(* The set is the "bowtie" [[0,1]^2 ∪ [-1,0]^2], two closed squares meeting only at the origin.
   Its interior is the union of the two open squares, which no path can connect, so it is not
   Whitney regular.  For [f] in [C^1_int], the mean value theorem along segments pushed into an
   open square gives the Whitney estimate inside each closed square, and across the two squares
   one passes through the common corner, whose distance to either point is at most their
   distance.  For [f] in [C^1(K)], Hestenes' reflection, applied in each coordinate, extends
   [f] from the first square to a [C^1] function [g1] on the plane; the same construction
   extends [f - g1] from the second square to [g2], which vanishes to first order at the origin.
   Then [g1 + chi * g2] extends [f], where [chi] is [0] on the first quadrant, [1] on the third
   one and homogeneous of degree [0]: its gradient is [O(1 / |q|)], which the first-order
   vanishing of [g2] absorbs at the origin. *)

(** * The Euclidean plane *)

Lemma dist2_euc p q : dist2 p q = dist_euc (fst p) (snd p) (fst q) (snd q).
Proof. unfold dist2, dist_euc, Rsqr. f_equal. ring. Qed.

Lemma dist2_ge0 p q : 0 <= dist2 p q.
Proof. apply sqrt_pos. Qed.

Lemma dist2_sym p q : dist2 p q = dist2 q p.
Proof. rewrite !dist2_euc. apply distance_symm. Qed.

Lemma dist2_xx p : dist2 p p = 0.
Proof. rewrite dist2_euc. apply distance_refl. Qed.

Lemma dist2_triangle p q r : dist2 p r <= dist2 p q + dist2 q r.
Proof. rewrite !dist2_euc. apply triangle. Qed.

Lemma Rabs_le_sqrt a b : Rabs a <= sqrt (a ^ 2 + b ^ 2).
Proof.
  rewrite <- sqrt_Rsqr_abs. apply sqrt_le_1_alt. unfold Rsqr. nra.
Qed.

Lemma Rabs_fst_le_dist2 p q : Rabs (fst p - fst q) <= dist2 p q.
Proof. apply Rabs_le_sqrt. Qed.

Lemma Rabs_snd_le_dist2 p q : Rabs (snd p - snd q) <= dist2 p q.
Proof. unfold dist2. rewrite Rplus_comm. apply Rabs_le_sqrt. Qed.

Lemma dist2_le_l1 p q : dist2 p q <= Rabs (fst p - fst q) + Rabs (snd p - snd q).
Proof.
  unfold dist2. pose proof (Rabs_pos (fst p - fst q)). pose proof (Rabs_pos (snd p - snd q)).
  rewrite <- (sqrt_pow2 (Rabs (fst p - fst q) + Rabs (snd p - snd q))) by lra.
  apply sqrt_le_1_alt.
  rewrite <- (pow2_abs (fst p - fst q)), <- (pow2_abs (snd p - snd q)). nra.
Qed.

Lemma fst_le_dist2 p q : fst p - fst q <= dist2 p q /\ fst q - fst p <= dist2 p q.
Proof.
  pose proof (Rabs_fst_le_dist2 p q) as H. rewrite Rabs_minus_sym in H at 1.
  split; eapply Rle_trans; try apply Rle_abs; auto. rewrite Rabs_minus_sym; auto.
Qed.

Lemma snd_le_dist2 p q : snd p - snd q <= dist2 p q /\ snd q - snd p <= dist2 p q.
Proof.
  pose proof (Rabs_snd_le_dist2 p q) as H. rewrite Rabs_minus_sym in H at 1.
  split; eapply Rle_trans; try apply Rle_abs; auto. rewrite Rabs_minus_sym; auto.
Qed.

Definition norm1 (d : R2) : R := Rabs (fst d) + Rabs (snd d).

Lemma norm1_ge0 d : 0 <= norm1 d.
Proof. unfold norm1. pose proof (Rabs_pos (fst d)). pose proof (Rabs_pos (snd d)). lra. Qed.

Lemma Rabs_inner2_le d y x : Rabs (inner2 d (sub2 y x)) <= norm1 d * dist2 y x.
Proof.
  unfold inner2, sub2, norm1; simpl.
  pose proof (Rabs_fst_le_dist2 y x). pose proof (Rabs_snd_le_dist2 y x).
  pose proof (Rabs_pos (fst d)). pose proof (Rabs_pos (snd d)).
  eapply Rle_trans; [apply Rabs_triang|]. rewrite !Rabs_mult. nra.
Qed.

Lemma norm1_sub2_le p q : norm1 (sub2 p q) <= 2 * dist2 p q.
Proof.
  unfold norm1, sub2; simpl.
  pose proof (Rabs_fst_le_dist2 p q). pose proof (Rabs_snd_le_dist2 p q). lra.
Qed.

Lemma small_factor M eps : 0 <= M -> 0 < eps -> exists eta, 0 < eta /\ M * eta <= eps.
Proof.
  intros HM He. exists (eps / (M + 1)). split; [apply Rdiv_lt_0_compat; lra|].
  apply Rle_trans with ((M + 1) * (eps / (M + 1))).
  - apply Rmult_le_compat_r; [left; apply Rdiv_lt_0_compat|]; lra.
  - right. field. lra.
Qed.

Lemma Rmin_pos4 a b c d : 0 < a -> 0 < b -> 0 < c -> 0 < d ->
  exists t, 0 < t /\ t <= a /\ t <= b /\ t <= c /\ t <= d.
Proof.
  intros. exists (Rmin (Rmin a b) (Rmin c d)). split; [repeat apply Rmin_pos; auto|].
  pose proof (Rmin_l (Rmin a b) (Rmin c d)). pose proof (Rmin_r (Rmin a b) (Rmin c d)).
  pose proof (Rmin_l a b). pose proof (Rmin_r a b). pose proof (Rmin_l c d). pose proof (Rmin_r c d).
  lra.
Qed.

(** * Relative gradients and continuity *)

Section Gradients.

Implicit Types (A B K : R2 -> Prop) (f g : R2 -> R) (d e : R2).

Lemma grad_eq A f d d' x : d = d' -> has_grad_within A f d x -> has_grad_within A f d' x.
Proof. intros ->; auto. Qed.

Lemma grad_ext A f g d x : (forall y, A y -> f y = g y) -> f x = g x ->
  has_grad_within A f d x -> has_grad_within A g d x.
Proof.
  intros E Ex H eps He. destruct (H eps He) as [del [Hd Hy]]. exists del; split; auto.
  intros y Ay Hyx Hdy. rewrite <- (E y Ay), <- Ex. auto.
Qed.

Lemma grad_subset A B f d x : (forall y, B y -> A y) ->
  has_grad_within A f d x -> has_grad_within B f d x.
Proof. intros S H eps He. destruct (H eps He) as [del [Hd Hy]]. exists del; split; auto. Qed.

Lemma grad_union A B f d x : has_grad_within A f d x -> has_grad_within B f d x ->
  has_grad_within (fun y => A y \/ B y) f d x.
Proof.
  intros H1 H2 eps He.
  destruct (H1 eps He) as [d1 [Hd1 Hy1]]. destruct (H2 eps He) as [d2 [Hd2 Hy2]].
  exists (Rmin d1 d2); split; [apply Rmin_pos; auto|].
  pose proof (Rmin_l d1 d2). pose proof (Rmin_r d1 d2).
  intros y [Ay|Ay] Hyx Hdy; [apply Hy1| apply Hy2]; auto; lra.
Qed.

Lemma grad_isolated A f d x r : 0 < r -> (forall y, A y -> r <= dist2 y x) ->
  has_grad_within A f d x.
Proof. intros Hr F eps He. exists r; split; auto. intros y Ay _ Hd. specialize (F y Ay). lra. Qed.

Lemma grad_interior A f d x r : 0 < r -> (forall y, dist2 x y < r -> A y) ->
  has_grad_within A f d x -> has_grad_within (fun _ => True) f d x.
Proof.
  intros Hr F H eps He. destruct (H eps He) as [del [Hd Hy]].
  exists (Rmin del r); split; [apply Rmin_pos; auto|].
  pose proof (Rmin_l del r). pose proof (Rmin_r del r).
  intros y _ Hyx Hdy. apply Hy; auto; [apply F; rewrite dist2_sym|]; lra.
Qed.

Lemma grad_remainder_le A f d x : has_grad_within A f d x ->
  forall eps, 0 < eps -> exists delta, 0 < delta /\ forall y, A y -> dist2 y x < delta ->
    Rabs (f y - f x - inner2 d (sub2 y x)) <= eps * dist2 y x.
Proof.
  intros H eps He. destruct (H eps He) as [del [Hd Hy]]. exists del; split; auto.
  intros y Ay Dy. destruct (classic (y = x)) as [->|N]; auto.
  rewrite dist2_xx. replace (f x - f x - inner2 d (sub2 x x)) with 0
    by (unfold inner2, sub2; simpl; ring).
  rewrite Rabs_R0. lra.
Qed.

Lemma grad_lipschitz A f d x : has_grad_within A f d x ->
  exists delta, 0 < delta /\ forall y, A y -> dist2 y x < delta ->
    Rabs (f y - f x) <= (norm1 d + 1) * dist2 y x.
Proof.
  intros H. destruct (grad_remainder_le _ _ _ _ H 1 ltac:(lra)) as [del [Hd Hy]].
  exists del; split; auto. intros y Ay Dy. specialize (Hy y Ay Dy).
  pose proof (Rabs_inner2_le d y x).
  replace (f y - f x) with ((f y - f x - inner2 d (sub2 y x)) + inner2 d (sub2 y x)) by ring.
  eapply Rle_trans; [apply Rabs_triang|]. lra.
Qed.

--

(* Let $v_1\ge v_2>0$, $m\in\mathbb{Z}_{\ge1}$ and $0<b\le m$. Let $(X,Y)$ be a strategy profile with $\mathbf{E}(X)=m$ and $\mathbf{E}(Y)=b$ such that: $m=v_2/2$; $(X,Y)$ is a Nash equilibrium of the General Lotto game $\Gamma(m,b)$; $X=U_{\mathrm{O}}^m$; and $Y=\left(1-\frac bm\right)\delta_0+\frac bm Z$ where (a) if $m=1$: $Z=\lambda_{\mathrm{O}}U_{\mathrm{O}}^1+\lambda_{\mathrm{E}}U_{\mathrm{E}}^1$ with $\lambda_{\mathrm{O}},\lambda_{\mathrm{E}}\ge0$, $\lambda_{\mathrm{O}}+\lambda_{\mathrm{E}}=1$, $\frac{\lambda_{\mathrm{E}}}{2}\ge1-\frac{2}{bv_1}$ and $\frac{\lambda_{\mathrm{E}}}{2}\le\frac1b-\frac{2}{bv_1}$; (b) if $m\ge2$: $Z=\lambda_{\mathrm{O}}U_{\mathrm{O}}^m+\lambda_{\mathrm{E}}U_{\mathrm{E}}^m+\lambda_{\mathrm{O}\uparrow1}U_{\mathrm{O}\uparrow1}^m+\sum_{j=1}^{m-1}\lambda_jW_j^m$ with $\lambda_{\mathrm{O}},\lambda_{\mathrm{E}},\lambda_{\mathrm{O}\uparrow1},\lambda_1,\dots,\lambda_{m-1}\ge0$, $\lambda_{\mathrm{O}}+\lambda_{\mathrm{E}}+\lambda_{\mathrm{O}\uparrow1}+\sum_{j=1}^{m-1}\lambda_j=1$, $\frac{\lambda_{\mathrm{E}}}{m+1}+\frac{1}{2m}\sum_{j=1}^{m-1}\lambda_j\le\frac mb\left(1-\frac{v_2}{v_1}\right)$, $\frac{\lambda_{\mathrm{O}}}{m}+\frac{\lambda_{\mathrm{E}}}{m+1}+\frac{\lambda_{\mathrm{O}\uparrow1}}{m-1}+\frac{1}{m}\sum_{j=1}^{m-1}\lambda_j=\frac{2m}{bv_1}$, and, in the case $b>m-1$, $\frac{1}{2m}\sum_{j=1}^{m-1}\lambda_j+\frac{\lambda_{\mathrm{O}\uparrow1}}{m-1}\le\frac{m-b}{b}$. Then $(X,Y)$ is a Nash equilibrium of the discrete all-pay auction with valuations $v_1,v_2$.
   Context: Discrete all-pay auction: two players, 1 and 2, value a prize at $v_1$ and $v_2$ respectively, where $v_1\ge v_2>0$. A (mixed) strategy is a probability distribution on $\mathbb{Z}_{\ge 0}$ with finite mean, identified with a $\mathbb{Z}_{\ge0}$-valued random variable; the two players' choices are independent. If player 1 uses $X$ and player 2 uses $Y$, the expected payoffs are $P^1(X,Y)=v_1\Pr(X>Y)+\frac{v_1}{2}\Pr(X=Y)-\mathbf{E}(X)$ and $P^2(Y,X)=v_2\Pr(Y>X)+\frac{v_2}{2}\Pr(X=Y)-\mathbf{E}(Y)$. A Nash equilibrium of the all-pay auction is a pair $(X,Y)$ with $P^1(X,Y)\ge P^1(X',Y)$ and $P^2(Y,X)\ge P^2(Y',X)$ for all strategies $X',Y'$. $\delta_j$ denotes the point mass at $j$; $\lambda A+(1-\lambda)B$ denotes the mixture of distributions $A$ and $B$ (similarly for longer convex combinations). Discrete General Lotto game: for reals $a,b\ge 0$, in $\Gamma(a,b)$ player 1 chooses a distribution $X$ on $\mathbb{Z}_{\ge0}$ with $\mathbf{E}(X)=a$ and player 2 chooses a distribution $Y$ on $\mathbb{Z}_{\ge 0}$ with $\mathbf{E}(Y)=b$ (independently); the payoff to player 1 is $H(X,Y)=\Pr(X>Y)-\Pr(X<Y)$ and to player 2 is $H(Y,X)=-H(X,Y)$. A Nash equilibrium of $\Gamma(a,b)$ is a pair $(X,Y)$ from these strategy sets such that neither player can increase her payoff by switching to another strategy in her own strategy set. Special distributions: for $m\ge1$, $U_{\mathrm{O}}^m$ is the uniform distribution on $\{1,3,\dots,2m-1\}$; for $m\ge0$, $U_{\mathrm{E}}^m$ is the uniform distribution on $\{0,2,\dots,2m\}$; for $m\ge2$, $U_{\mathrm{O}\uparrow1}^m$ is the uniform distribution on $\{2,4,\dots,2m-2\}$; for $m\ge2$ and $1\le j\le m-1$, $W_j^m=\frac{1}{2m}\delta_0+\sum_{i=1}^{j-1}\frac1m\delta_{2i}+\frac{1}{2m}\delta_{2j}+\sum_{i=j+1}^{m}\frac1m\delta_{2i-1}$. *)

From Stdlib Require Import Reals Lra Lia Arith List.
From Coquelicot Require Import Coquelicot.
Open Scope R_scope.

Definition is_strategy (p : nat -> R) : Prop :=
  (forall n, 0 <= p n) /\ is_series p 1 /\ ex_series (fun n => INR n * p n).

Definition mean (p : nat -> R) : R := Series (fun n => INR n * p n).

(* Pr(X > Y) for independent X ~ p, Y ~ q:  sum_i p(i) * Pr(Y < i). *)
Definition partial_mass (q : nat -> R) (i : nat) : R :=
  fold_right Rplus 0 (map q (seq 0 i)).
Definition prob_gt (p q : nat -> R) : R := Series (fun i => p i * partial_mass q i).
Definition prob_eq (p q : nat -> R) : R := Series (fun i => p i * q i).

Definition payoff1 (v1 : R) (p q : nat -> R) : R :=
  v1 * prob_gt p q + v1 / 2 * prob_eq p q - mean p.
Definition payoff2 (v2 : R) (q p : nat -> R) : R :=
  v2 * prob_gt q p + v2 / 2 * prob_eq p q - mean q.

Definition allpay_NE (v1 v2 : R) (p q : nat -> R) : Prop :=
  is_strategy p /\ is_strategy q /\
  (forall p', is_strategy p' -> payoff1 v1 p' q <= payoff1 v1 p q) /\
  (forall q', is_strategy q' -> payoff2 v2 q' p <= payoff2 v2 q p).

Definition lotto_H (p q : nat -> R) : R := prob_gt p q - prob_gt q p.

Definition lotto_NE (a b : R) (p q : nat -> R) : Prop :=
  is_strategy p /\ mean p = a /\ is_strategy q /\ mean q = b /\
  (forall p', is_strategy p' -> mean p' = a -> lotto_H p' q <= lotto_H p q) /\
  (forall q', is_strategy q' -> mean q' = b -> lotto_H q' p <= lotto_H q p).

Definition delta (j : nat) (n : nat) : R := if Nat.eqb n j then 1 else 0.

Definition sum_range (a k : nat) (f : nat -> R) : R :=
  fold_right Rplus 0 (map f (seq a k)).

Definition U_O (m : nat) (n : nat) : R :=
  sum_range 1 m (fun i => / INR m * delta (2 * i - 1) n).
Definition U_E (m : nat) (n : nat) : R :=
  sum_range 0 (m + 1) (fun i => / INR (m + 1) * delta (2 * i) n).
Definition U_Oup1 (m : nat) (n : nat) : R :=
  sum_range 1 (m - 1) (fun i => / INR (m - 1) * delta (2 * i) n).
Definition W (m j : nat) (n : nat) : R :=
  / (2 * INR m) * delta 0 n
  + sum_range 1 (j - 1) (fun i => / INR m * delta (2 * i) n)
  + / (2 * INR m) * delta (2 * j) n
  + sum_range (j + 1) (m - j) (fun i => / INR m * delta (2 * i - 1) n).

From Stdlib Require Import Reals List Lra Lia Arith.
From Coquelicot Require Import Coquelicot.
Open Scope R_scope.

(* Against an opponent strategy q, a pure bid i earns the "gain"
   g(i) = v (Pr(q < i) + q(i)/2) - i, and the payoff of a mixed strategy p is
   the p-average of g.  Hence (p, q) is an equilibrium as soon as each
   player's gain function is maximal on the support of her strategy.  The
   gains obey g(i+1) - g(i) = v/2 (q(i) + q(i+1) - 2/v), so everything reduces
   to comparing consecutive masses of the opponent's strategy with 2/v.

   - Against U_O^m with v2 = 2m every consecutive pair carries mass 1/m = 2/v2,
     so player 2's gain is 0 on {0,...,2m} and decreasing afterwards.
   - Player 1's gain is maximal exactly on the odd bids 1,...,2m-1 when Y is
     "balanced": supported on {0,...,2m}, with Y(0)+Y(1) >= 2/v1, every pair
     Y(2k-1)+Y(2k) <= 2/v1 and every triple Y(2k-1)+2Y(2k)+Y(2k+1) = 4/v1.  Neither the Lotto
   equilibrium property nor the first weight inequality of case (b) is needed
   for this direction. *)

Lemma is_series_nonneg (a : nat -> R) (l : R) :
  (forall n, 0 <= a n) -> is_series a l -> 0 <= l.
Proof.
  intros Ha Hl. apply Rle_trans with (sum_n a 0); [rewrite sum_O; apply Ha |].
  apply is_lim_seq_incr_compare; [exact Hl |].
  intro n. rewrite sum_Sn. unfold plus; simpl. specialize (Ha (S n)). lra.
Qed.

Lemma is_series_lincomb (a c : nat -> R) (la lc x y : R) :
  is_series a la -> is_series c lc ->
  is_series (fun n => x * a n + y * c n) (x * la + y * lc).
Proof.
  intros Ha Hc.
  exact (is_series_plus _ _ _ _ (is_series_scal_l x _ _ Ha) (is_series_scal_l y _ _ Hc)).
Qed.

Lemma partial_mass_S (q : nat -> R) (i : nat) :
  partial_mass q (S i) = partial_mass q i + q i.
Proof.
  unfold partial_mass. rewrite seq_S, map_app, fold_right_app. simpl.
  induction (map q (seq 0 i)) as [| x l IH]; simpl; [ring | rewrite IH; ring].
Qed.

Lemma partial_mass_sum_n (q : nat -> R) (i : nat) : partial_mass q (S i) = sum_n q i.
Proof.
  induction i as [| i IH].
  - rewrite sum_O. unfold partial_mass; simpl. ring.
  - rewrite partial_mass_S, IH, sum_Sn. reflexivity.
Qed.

▶ _WORK TASK_: Transcribe the lines above between the line holding "pose proof (Rabs_snd_le_dist2 p q) as" and the line holding "pose proof (Rabs_fst_le_dist2 y", inclusive, exactly as they stand and with nothing added.

▶ _SOLVED EXERCISE_:
  pose proof (Rabs_snd_le_dist2 p q) as H. rewrite Rabs_minus_sym in H at 1.
  split; eapply Rle_trans; try apply Rle_abs; auto. rewrite Rabs_minus_sym; auto.
Qed.

Definition norm1 (d : R2) : R := Rabs (fst d) + Rabs (snd d).

Lemma norm1_ge0 d : 0 <= norm1 d.
Proof. unfold norm1. pose proof (Rabs_pos (fst d)). pose proof (Rabs_pos (snd d)). lra. Qed.

Lemma Rabs_inner2_le d y x : Rabs (inner2 d (sub2 y x)) <= norm1 d * dist2 y x.
Proof.
  unfold inner2, sub2, norm1; simpl.
  pose proof (Rabs_fst_le_dist2 y x). pose proof (Rabs_snd_le_dist2 y x).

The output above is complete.